Syphilis, sive Morbus Gallicus.

[Syphilis, ou le Mal français]. {a}


  1. Rome, Anronius Bladus Asulanus, 1531, in‑4o de 8 feuilles, dédié au cardinal Pietro Bembo (v. remarque 1, note [67] du Naudæana 1) ; Vérone, 1530, in‑4o, pour la toute première édition, sous le titre de Syphilidis, sive de morbo Gallico libri tres [Trois livres de la Syphilide (Histoire de Syphilis), ou du mal français].

    Jacqueline Vons, en collaboration avec Jacques Chevalier, Danielle Gourevitch et Concetta Pennuto, en ont donné une excellente édition bilingue sous le titre de La Syphilis ou le mal français ; Syphilis sive morbus gallicus (Paris, Les Belles Lettres, 2011), qui détaille notamment les corrections apportées par Jules-César Scaliger.


Cette épopée poétique a donné son nom moderne à la vérole : parce qu’il a outragé Apollon (v. note [8], lettre 997), les puissances divines frappent Syphilis, un berger séduisant, d’une maladie douloureuse et hideuse ; à la suite de longues souffrances lui conférant un aspect à la fois repoussant et misérable, Syphilis guérit grâce à un nouveau médicament, le bois de gaïac (v. note [8], lettre 90).

Les mésaventures de Syphilis ne composent qu’une partie de l’ouvrage.

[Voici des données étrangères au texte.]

(* Let $\mathcal{K}\subset\mathbb{R}^n$ be a compact convex set and let $\phi:\mathcal{K}\to\mathbb{R}$ be a continuous convex function. Then for every $\varepsilon>0$ there exist a rational number $T>0$ and a function $f_T\in\mathrm{LSE}_T$ with rational parameters such that $$|f_T(\mathbf{x})-\phi(\mathbf{x})|\leqslant\varepsilon\quad\text{for all }\mathbf{x}\in\mathcal{K}.$$ Moreover, $T$ may be chosen of the form $T=1/p$ where $p$ is a positive integer.
   Context: For $T>0$, $\mathrm{LSE}_T$ denotes the class of functions $f_T:\mathbb{R}^n\to\mathbb{R}$ of the form $$f_T(\mathbf{x})=T\log\Big(\sum_{k=1}^K \exp\big(\langle\boldsymbol{\alpha}^{(k)},\mathbf{x}\rangle/T+\beta_k/T\big)\Big)$$ for some positive integer $K$, vectors $\boldsymbol{\alpha}^{(1)},\dots,\boldsymbol{\alpha}^{(K)}\in\mathbb{R}^n$ and real numbers $\beta_1,\dots,\beta_K$. A function $f_T\in\mathrm{LSE}_T$ has rational parameters if $T$ is rational and $f_T$ can be written in this form with all entries of the vectors $\boldsymbol{\alpha}^{(k)}$ and all $\beta_k$ rational. *)

From HB Require Import structures.
From mathcomp Require Import all_boot all_order all_algebra.
From mathcomp Require Import all_classical all_reals all_analysis.
Set Implicit Arguments. Unset Strict Implicit. Unset Printing Implicit Defensive.
Import Order.TTheory GRing.Theory Num.Theory.
Import numFieldNormedType.Exports.
Local Open Scope ring_scope.
Local Open Scope classical_set_scope.

Definition dotv (R : realType) (n : nat) (a x : 'rV[R]_n) : R :=
  \sum_(i < n) a ord0 i * x ord0 i.

Definition convex_set_Rn (R : realType) (n : nat) (C : set 'rV[R]_n) : Prop :=
  forall x y, C x -> C y -> forall t : R, 0 <= t <= 1 ->
    C (t *: x + (1 - t) *: y).

Definition convex_on (R : realType) (n : nat) (C : set 'rV[R]_n)
  (phi : 'rV[R]_n -> R) : Prop :=
  forall x y, C x -> C y -> forall t : R, 0 <= t <= 1 ->
    phi (t *: x + (1 - t) *: y) <= t * phi x + (1 - t) * phi y.

Definition LSE (R : realType) (n K : nat) (T : R)
  (alpha : 'I_K -> 'rV[R]_n) (beta : 'I_K -> R) (x : 'rV[R]_n) : R :=
  T * ln (\sum_(k < K) expR (dotv (alpha k) x / T + beta k / T)).

Definition LSE_rat (R : realType) (n K : nat) (T : rat)
  (alpha : 'I_K -> 'rV[rat]_n) (beta : 'I_K -> rat) : 'rV[R]_n -> R :=
  LSE (ratr T) (fun k => map_mx ratr (alpha k)) (fun k => ratr (beta k)).

(* A continuous convex function on a compact convex set is uniformly
   within eps/2 of the maximum of finitely many affine functions.  At each x0,
   projecting (x0, phi x0 - eps) onto the epigraph of phi gives an affine minorant
   of phi nearly touching it at x0; its coefficients can be rounded to rationals,
   it stays close to phi near x0 by continuity, and compactness keeps finitely many
   of them.  A log-sum-exp at temperature T lies between the maximum of its K affine
   pieces and that maximum plus T ln K, so T = 1/p with p > 2 ln K / eps suffices. *)

From HB Require Import structures.
From mathcomp Require Import all_boot all_order all_algebra.
From mathcomp Require Import all_classical all_reals all_analysis.
From mathcomp Require Import ring lra.
From mathcomp Require finmap.
Set Implicit Arguments. Unset Strict Implicit. Unset Printing Implicit Defensive.
Import Order.TTheory GRing.Theory Num.Theory.
Import numFieldNormedType.Exports.
Local Open Scope ring_scope.
Local Open Scope classical_set_scope.

Section InnerProduct.
Variables (R : realType) (n : nat).
Implicit Types (a x y : 'rV[R]_n).

Lemma dotvC a x : dotv a x = dotv x a.
Proof. by apply: eq_bigr => i _; rewrite mulrC. Qed.

Lemma dotvDr a x y : dotv a (x + y) = dotv a x + dotv a y.
Proof. by rewrite /dotv -big_split; apply: eq_bigr => i _; rewrite mxE mulrDr. Qed.

Lemma dotvZr a x k : dotv a (k *: x) = k * dotv a x.
Proof. by rewrite /dotv mulr_sumr; apply: eq_bigr => i _; rewrite mxE mulrCA. Qed.

Lemma dotvBr a x y : dotv a (x - y) = dotv a x - dotv a y.
Proof. by rewrite dotvDr -scaleN1r dotvZr mulN1r. Qed.

Lemma dotvZl a x k : dotv (k *: a) x = k * dotv a x.
Proof. by rewrite dotvC dotvZr dotvC. Qed.

Lemma dotvBl a x y : dotv (x - y) a = dotv x a - dotv y a.
Proof. by rewrite dotvC dotvBr !(dotvC a). Qed.

Lemma dotvvBZ x y t :
  dotv (x - t *: y) (x - t *: y) = dotv x x - 2 * t * dotv x y + t ^+ 2 * dotv y y.
Proof. by rewrite !dotvBr !dotvBl !dotvZr !dotvZl (dotvC y x); ring. Qed.

Lemma dotvv_ge0 x : 0 <= dotv x x.
Proof. by apply: sumr_ge0 => i _; rewrite -expr2 sqr_ge0. Qed.

Lemma dotvv_eq0 x : dotv x x = 0 -> x = 0.
Proof.
move=> xx0; apply/rowP => i; rewrite mxE.
have /eqP := psumr_eq0P (fun j _ => sqr_ge0 (x ord0 j)) xx0 (i := i) isT.
by rewrite mulf_eq0 orbb => /eqP.
Qed.

Lemma cvg_dotv {T : Type} (F : set_system T) {FF : Filter F} (f g : T -> 'rV[R]_n) a x :
  f @ F --> a -> g @ F --> x -> (fun t => dotv (f t) (g t)) @ F --> dotv a x.
Proof.
move=> fa gx; apply: cvg_big => [|i _]; first exact: add_continuous.
by apply: cvgM; apply: (continuous_cvg _ (@coord_continuous R 1 n ord0 i _)).
Qed.

Lemma dotv_continuous a : continuous (dotv a).
Proof.
by move=> x; apply: (cvg_dotv (F := nbhs x)); [exact: cvg_cst | exact: (@cvg_id _ (nbhs x))].
Qed.

End InnerProduct.

Lemma le0_of_le_quadratic (R : realFieldType) (A Q : R) :
  (forall t, 0 < t <= 1 -> 2 * t * A <= t ^+ 2 * Q) -> A <= 0.
Proof.
move=> small; rewrite leNgt; apply/negP => A0.
have [QA|AQ] := lerP Q A.
  by have := small 1; rewrite ltr01 lexx expr1n; lra.
have Q_gt0 : 0 < Q by apply: lt_trans AQ.
(* t = A / Q violates the inequality: t^2 Q = t A < 2 t A *)
set t := A / Q.
have t0 : 0 < t by rewrite divr_gt0.
have t1 : t <= 1 by rewrite ler_pdivrMr ?mul1r ?ltW.
have tQ : t * Q = A by rewrite divfK ?gt_eqF.
by have := small t; rewrite t0 t1 expr2 -[t * t * Q]mulrA tQ => /(_ isT); nra.
Qed.

Section AffineMinorant.
Variables (R : realType) (n : nat) (C : set 'rV[R]_n) (phi : 'rV[R]_n -> R).

(* Squared distance from (x0, c) to (y, max (phi y) c), the point of the epigraph
   of phi nearest to (x0, c) among those above y. *)
Definition epi_dist2 (x0 : 'rV[R]_n) (c : R) (y : 'rV[R]_n) : R :=
  dotv (x0 - y) (x0 - y) + Num.max (phi y - c) 0 ^+ 2.

Lemma epi_dist2_continuous x0 c :
  {within C, continuous phi} -> {within C, continuous epi_dist2 x0 c}.
Proof.
move=> phi_cont y; apply: cvgD.
  have dist_cont : continuous (fun z : 'rV[R]_n => dotv (x0 - z) (x0 - z)).
    move=> z; apply: (cvg_dotv (F := nbhs z));
    exact: cvgB (cvg_cst x0) (@cvg_id _ (nbhs z)).
  exact: (continuous_subspaceT dist_cont).
have max_cont : {for y, continuous ((fun z : subspace C => phi z - c) \max (fun=> 0 : R^o))}.
  apply: continuous_max; last exact: cvg_cst.
  exact: cvgB (phi_cont y) (cvg_cst c).
exact: (cvgM max_cont max_cont).
Qed.

Hypotheses (C_convex : convex_set_Rn C) (phi_convex : convex_on C phi).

On y lit aussi celles d’un jeune Lombard, connu de Fracastor, qui mourut de la maladie : v. note [19] du Borboniana 6 manuscrit. Une lecture attentive du poème ne permet pas de connaître l’opinion exacte de son auteur sur l’antiquité de la syphilis en Europe (v. note [9], lettre 122). Il l’y a néanmoins décrite comme répandue en Italie par les armées françaises.

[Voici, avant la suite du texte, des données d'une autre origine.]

Lemma sumR_rev n F : sumR n (fun i => F (n - 1 - i)%nat) = sumR n F.
Proof.
  revert F; induction n as [|n IH]; intros F; [reflexivity|].
  rewrite sumR_shift, sumR_succ, <- IH, Nat.sub_0_r, Nat.sub_1_r, Rplus_comm.
  f_equal; apply sumR_ext; intros; f_equal; lia.
Qed.

Lemma sumR_nonneg n F : (forall i, (i < n)%nat -> 0 <= F i) -> 0 <= sumR n F.
Proof.
  intros HF. apply Rle_trans with (sumR n (fun _ => 0)); [|apply sumR_le; auto].
  rewrite sumR_const; lra.
Qed.

Lemma sumR_le_const n F c : (forall i, (i < n)%nat -> F i <= c) -> sumR n F <= INR n * c.
Proof. intros. rewrite <- sumR_const. apply sumR_le; auto. Qed.

Section InnerSpaceFacts.
Variable H : InnerSpace.
Implicit Types u v w : H.

Lemma inner_add_r u v w : inner u (vadd v w) = inner u v + inner u w.
Proof. rewrite inner_sym, inner_add_l, (inner_sym _ v u), (inner_sym _ w u). ring. Qed.

Lemma inner_scal_r a u v : inner u (vscal a v) = a * inner u v.
Proof. rewrite inner_sym, inner_scal_l, inner_sym. ring. Qed.

Lemma inner_zero_l v : inner vzero v = 0.
Proof. pose proof (inner_add_l H vzero vzero v) as E. rewrite vadd_0 in E. lra. Qed.

Lemma inner_zero_r v : inner v vzero = 0.
Proof. rewrite inner_sym. apply inner_zero_l. Qed.

Lemma inner_vsum_r n (F : nat -> H) v :
  inner v (vsum n F) = sumR n (fun j => inner v (F j)).
Proof.
  induction n as [|n IH]; simpl; [apply inner_zero_r|]. rewrite inner_add_r, IH. reflexivity.
Qed.

Lemma inner_add_add u w :
  inner (vadd u w) (vadd u w) = inner u u + 2 * inner u w + inner w w.
Proof. rewrite inner_add_l, !inner_add_r, (inner_sym _ w u). ring. Qed.

Lemma two_inner_le u v n : 0 < n -> 2 * inner u v <= inner u u / n + n * inner v v.
Proof.
  intros Hn. pose proof (inner_pos H (vadd u (vscal (- n) v))) as P.
  rewrite inner_add_add, inner_scal_r, inner_scal_l, inner_scal_r in P.
  apply Rmult_le_reg_l with n; auto.
  replace (n * (inner u u / n + n * inner v v)) with (inner u u + n * n * inner v v)
    by (field; lra).
  nra.
Qed.

Lemma cauchy_schwarz u v : (inner u v) ^ 2 <= inner u u * inner v v.
Proof.
  pose proof (inner_pos H v) as Hv.
  destruct (Req_dec (inner v v) 0) as [E|E].
  - apply inner_def in E. subst v. rewrite !inner_zero_r. simpl. lra.
  - set (l := inner u v / inner v v).
    pose proof (inner_pos H (vadd u (vscal (- l) v))) as P.
    rewrite inner_add_add, inner_scal_r, inner_scal_l, inner_scal_r in P.
    replace (inner u u + 2 * (- l * inner u v) + - l * (- l * inner v v))
      with (inner u u - inner u v ^ 2 / inner v v) in P by (unfold l; field; lra).
    apply Rmult_le_reg_r with (/ inner v v); [apply Rinv_0_lt_compat; lra|].
    replace (inner u u * inner v v * / inner v v) with (inner u u) by (field; lra).
    unfold Rdiv in P. lra.
Qed.

Lemma inner_vsum_le n (F : nat -> H) :
  inner (vsum n F) (vsum n F) <= INR n * sumR n (fun j => inner (F j) (F j)).
Proof.
  induction n as [|n IH]; simpl vsum; simpl sumR.
  - rewrite inner_zero_l. simpl; lra.
  - rewrite inner_add_add. destruct n as [|n].
    + simpl vsum. rewrite !inner_zero_l. simpl. lra.
    + assert (Hn : 0 < INR (S n)) by (apply lt_0_INR; lia).
      pose proof (two_inner_le (vsum (S n) F) (F (S n)) (INR (S n)) Hn) as Young.
      pose proof (inner_pos H (F (S n))).
      rewrite S_INR with (n := S n).
      set (A := inner (vsum (S n) F) (vsum (S n) F)) in *.
      set (Sm := sumR (S n) (fun j => inner (F j) (F j))) in *.
      assert (0 <= Sm) by (apply sumR_nonneg; intros; apply inner_pos).
      assert (A / INR (S n) <= Sm).
      { apply Rmult_le_reg_l with (INR (S n)); auto.
        replace (INR (S n) * (A / INR (S n))) with A by (field; lra). lra. }
      nra.
Qed.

Fracastor a fort heureusement complété ses allégories poétiques par un extraordinaire traité en prose : De sympathia et antipathia rerum liber unus ; De contagionibus et contagiosis et eorum curatione liber tres [Un livre sur la sympathie et l’antipathie des choses ; Trois livres sur les contagions, et les maladies contagieuses et leur traitement] (Venise, 1546, in‑4o pour la 1re édition). Ce livre capital énonce clairement que la vérole est un mal nouveau (morbum novum, v. note [19] du Borboniana 6 manuscrit), ce qui reste discuté ; mais bien plus et avec une netteté inouïe, il met en avant la contagion comme mécanisme en jeu dans la propagation de ce que Fracastor a le premier appelé des infections : maladies provoquées par la transmission de particulæ minimæ et insensibiles [particules minuscules et imperceptibles] (v. note [6], lettre 7) ; il fut le premier à donner leur sens moderne à ces deux mots et à propager les conceptions nouvelles qu’ils portaient, pour en tirer des recommandations prophylactiques. Voilà ce que Guy Patin tenait pour de ridicules « qualités occultes » prônées par le plus brillant génie médical de la Renaissance. On a malheureusement plus admiré les jolis vers de sa Syphilis que la fécondité de ses observations et de ses déductions pathologiques.

V. notes :

  • [57] du Naudæana 1 pour la douteuse anomalie faciale congénitale (microstomie) qui aurait affecté Fracastor, et pour son amitié avec Jules-César Scaliger ;

  • [19], première notule {d}, du Borboniana 6 manuscrit pour la 3e édition de ses Opera omnia [Œuvres complètes] (Venise, 1584).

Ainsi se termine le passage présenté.